>>>>>

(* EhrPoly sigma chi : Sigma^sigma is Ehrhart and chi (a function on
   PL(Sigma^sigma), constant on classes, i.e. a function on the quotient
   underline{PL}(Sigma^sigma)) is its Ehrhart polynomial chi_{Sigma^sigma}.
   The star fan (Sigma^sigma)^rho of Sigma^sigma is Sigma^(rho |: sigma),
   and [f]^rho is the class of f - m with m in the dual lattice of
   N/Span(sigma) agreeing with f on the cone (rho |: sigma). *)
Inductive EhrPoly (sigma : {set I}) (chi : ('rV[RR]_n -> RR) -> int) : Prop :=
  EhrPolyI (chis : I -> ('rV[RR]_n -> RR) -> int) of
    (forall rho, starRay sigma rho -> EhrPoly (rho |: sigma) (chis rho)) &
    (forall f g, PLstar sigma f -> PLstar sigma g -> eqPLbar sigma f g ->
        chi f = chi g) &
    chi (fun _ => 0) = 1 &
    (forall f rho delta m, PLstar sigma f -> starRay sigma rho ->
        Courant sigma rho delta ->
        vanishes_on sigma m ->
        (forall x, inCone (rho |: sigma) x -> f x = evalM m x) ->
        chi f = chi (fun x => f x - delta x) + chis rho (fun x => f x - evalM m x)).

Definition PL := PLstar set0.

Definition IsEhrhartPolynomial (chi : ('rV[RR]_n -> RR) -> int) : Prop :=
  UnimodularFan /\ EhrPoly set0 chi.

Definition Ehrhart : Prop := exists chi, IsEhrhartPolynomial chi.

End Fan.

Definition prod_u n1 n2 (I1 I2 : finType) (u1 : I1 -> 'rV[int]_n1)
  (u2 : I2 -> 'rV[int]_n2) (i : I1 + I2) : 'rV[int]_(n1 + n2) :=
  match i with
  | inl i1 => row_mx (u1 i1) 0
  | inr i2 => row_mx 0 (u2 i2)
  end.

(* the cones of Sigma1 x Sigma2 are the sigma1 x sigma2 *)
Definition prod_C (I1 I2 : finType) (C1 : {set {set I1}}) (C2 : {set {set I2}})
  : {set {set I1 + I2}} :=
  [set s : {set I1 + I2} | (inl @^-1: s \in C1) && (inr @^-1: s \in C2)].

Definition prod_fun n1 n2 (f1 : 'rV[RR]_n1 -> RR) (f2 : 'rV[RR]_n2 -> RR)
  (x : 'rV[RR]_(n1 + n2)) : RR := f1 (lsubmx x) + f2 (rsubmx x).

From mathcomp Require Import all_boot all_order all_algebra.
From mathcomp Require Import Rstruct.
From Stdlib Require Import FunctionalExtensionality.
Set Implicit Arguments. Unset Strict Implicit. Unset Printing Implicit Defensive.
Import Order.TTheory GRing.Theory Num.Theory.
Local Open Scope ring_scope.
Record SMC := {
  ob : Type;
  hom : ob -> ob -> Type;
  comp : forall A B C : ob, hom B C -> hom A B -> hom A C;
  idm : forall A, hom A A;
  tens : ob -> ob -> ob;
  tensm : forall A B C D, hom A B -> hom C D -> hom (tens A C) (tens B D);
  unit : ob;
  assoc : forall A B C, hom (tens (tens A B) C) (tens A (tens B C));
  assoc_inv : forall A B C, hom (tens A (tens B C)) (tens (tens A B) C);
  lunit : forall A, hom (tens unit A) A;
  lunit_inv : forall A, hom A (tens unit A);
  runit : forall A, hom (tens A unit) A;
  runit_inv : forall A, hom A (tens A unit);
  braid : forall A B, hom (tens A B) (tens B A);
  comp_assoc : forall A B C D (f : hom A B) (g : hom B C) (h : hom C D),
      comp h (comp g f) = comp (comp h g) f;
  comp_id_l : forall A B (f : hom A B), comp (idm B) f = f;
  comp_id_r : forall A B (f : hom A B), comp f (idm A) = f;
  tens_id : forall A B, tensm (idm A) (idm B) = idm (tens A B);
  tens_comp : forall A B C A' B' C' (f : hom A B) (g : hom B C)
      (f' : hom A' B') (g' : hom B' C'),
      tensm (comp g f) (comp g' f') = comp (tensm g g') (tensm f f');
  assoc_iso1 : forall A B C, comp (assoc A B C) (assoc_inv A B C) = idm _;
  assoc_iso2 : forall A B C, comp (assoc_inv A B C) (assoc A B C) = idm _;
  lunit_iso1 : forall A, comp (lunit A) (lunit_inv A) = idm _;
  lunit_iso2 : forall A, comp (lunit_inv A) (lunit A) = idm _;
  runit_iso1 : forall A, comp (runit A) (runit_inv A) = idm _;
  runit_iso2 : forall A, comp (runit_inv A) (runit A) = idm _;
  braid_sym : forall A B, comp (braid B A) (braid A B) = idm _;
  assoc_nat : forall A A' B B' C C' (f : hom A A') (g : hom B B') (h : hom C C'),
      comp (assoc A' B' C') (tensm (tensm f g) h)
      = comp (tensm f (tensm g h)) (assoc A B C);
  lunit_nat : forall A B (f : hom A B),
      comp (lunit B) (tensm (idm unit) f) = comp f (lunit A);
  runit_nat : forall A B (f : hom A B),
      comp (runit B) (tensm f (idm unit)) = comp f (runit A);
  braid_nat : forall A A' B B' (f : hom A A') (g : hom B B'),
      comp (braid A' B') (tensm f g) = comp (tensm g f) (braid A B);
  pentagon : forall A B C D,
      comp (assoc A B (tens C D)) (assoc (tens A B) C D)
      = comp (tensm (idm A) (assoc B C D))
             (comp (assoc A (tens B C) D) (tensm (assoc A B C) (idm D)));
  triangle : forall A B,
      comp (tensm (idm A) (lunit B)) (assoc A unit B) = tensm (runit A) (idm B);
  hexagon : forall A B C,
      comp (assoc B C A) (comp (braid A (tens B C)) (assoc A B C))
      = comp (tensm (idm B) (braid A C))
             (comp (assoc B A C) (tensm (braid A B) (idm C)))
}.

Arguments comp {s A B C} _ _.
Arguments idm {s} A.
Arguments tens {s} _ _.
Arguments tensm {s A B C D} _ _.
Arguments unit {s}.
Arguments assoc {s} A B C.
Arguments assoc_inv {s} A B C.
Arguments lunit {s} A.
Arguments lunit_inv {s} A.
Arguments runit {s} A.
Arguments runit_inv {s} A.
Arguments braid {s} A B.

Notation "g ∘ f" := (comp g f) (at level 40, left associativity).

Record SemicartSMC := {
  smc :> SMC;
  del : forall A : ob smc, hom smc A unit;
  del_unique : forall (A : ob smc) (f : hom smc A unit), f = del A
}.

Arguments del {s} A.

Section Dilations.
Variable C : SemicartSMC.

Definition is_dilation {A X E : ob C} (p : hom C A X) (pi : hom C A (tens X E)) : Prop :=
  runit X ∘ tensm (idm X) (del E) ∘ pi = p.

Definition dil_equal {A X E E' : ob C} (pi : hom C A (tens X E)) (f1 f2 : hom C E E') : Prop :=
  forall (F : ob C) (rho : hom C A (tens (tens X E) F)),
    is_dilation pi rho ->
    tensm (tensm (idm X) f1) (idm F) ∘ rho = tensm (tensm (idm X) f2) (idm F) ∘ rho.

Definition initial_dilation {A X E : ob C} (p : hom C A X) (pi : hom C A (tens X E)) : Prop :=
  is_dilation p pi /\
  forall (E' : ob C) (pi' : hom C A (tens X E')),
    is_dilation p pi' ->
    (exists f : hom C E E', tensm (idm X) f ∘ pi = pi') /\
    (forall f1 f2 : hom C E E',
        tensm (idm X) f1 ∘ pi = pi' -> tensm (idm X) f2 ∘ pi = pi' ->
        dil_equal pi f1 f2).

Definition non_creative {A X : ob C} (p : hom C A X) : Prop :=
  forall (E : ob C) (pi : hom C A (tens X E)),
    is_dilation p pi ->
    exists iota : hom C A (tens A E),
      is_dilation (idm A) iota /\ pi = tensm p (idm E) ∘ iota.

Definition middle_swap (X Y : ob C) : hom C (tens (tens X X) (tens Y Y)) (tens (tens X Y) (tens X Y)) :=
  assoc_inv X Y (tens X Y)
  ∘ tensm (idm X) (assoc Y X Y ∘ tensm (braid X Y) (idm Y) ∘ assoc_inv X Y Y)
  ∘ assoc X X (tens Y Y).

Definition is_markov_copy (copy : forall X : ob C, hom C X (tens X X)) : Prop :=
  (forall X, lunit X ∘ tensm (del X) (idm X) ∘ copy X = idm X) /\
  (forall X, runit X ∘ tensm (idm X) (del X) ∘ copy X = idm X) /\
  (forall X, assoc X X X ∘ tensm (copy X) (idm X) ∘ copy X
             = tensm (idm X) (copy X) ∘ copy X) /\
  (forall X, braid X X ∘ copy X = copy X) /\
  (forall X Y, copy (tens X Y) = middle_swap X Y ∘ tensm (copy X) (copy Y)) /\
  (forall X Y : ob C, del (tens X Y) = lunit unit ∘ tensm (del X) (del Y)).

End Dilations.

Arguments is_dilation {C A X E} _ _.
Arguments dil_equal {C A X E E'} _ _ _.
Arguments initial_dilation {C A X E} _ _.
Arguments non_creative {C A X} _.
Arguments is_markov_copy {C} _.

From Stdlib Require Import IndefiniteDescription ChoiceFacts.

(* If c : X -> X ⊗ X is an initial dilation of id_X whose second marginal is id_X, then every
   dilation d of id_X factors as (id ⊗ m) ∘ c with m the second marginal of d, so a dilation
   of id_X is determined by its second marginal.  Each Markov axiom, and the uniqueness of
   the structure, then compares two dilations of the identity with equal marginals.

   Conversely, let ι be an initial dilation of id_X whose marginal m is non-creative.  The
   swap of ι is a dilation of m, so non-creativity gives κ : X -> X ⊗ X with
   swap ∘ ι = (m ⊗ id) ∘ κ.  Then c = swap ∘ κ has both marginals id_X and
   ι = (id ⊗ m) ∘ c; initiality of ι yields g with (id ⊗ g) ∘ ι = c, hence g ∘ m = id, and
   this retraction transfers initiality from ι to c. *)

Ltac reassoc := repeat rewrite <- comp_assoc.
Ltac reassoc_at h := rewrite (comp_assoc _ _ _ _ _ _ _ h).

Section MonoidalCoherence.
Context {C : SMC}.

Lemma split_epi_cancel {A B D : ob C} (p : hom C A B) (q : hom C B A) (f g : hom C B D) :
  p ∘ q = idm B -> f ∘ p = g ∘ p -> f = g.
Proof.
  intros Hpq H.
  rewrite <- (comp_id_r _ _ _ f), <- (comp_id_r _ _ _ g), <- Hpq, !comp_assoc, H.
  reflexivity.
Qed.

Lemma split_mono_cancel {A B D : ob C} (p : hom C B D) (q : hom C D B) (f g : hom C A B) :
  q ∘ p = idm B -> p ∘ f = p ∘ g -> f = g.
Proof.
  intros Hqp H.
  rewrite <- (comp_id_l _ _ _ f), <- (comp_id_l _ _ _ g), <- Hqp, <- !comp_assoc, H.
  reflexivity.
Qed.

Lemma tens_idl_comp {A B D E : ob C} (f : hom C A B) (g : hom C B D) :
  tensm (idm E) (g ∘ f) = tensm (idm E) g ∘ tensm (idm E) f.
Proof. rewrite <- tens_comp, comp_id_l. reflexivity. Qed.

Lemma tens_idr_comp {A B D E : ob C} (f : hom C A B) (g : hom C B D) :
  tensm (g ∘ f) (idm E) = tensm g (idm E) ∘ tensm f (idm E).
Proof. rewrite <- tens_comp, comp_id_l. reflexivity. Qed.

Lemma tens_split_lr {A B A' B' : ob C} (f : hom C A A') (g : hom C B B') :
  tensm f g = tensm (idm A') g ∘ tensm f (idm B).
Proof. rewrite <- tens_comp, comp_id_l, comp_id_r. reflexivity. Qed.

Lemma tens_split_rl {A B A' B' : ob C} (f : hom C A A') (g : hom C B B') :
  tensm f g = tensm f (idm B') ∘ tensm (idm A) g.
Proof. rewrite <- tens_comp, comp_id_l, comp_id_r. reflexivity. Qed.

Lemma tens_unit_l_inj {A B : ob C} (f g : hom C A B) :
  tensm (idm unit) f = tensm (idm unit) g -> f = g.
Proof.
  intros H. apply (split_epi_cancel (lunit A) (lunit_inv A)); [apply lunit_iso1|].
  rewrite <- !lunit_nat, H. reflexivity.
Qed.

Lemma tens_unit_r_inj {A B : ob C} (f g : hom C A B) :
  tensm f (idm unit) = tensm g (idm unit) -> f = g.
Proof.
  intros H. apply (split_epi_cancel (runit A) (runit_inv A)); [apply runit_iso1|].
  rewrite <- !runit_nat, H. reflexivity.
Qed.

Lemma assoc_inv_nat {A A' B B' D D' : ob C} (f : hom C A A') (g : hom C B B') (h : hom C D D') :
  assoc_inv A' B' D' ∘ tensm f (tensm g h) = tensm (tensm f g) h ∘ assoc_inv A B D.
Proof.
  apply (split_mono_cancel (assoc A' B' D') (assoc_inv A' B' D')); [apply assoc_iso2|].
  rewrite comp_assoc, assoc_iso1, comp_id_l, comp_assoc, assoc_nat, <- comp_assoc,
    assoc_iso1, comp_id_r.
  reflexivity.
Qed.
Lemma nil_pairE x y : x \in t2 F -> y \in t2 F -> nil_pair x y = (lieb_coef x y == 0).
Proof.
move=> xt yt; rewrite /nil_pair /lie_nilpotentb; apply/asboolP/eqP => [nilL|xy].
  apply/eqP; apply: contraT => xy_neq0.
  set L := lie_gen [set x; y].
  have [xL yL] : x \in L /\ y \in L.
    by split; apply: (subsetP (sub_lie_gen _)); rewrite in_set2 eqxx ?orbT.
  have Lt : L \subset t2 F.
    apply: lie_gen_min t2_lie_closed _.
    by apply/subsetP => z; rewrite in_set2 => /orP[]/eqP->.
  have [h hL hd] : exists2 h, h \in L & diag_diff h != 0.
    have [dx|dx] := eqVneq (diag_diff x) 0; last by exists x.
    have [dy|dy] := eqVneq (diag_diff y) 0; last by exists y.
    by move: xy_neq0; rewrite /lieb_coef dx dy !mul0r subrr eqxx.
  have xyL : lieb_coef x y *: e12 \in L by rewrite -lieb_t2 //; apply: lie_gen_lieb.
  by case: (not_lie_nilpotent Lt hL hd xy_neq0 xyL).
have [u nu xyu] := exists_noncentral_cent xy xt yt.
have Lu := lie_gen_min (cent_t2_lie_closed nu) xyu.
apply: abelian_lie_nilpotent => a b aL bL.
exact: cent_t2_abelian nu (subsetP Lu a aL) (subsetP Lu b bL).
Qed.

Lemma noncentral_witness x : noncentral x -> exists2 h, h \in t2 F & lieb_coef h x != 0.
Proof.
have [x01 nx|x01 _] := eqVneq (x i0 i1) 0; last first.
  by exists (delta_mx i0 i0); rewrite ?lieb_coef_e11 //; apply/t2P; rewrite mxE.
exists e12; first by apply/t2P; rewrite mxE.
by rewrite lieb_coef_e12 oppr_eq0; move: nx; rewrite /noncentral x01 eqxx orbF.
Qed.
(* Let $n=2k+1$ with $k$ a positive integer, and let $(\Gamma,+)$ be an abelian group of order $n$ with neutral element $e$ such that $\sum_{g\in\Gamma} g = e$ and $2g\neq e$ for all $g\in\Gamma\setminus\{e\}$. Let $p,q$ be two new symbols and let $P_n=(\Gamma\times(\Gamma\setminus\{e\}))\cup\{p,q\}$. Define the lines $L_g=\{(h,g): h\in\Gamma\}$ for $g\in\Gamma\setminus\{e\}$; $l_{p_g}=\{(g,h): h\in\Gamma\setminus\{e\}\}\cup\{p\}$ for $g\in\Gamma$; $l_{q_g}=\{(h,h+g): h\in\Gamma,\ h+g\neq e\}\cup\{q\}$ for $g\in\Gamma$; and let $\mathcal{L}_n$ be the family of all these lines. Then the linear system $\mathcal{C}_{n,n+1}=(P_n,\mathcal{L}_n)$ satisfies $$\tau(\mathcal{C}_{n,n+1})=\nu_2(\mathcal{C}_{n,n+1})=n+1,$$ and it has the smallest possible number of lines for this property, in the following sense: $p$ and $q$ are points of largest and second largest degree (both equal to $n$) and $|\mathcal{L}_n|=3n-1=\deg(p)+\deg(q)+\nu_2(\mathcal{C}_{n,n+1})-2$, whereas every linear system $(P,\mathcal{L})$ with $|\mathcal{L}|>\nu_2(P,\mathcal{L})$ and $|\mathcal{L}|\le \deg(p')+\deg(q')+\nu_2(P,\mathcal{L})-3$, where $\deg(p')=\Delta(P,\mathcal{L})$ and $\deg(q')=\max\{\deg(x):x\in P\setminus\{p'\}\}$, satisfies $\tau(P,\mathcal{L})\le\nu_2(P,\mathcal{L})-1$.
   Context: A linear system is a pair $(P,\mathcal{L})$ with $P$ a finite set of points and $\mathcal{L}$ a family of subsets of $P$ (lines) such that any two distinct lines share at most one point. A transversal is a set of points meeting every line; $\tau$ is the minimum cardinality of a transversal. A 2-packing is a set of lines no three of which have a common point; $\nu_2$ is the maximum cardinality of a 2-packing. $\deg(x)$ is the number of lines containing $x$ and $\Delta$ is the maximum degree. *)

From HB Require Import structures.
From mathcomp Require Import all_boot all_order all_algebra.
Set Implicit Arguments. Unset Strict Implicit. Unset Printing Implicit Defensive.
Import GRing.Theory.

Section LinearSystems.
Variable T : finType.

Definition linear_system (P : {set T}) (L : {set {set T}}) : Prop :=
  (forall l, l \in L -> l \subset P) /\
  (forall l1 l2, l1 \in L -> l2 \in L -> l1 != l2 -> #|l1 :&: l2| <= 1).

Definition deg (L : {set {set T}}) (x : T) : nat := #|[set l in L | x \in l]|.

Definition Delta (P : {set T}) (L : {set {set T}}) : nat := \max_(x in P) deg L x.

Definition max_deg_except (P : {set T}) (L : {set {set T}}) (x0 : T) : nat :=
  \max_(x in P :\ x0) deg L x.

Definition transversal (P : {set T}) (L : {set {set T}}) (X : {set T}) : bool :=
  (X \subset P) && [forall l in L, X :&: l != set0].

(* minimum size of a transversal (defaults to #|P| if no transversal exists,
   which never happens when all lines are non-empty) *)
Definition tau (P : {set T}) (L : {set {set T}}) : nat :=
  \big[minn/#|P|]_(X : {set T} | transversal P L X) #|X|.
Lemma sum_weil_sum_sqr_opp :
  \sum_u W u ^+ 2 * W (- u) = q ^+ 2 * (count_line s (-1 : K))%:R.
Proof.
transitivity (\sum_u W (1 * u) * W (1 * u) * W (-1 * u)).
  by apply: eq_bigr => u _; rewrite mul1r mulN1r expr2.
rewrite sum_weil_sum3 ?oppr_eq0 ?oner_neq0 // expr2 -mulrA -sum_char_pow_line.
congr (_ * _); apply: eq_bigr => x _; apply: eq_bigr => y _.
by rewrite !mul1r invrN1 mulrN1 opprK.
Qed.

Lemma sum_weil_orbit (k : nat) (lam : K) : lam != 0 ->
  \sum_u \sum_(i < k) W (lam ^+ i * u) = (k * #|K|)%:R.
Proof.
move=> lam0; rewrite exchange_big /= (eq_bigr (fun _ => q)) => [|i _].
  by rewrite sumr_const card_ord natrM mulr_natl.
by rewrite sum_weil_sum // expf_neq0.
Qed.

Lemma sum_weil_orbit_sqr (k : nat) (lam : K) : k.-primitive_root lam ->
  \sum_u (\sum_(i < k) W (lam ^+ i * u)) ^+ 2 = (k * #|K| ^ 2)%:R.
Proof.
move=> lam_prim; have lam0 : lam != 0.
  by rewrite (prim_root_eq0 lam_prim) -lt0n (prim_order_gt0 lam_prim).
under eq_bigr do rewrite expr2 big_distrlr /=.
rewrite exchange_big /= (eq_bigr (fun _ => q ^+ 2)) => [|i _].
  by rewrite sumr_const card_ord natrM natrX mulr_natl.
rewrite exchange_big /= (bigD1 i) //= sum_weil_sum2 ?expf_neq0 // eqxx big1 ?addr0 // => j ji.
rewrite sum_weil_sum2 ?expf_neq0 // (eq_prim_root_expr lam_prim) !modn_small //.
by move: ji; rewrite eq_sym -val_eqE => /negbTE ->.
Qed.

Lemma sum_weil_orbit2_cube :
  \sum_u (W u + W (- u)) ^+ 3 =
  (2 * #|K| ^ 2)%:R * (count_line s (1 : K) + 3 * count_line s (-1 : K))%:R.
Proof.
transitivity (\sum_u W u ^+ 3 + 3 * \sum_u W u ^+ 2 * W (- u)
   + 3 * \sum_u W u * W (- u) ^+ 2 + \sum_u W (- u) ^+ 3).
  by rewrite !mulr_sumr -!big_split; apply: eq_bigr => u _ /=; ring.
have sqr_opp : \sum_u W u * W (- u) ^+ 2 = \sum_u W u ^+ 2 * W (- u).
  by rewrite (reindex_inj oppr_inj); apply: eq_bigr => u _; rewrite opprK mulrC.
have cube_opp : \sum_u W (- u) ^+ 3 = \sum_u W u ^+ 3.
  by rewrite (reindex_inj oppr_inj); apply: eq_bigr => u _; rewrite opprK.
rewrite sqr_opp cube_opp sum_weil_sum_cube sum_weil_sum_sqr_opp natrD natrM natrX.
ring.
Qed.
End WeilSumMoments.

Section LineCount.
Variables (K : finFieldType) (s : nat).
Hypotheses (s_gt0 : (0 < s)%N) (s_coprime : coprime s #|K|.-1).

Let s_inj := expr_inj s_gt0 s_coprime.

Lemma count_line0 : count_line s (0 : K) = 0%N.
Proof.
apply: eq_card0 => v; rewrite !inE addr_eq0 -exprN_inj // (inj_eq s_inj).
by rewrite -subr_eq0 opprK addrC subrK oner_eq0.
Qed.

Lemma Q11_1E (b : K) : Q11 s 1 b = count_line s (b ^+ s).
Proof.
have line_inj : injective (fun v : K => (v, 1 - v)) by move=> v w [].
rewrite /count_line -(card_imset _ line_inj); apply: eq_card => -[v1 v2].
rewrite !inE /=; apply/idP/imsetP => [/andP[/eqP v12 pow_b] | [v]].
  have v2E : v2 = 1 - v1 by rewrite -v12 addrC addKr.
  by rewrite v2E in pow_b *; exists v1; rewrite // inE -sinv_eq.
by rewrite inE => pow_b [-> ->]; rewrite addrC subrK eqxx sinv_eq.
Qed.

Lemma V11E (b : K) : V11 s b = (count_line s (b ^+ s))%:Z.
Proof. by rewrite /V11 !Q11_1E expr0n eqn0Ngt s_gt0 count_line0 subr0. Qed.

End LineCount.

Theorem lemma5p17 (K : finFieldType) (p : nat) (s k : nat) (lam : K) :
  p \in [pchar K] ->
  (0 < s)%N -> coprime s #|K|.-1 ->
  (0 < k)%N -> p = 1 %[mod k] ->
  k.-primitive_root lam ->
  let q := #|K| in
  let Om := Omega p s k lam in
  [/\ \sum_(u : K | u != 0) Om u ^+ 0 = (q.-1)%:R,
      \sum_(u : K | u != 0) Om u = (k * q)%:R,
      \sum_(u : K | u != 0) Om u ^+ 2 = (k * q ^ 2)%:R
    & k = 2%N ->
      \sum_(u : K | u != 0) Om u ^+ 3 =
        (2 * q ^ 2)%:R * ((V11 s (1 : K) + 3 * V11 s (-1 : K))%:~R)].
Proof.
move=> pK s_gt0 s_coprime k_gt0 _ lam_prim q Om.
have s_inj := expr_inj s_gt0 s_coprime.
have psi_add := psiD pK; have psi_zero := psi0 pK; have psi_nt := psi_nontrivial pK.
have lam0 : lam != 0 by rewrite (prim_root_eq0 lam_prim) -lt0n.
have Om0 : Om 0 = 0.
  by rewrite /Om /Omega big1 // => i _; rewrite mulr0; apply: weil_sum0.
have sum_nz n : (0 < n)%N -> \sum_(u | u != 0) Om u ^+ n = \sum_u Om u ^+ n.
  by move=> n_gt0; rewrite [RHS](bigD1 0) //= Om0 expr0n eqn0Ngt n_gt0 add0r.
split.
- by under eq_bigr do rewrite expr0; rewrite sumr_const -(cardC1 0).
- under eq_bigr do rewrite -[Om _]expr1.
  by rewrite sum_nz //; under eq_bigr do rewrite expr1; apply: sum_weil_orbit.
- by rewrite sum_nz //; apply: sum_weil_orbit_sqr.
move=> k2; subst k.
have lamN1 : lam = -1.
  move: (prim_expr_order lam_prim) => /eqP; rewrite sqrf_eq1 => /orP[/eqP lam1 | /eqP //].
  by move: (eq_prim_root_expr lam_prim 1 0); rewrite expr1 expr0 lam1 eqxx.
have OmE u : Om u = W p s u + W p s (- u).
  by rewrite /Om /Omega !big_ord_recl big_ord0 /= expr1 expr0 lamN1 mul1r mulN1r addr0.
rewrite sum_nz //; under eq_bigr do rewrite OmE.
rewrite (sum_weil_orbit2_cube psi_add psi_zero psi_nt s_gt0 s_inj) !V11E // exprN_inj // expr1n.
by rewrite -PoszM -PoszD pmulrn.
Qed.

<<<<<

# EXERCISE INSTRUCTIONS
Go through the material above and state how many lines hold the word "addrC". Give only the number.

# TASK RESPONSE
3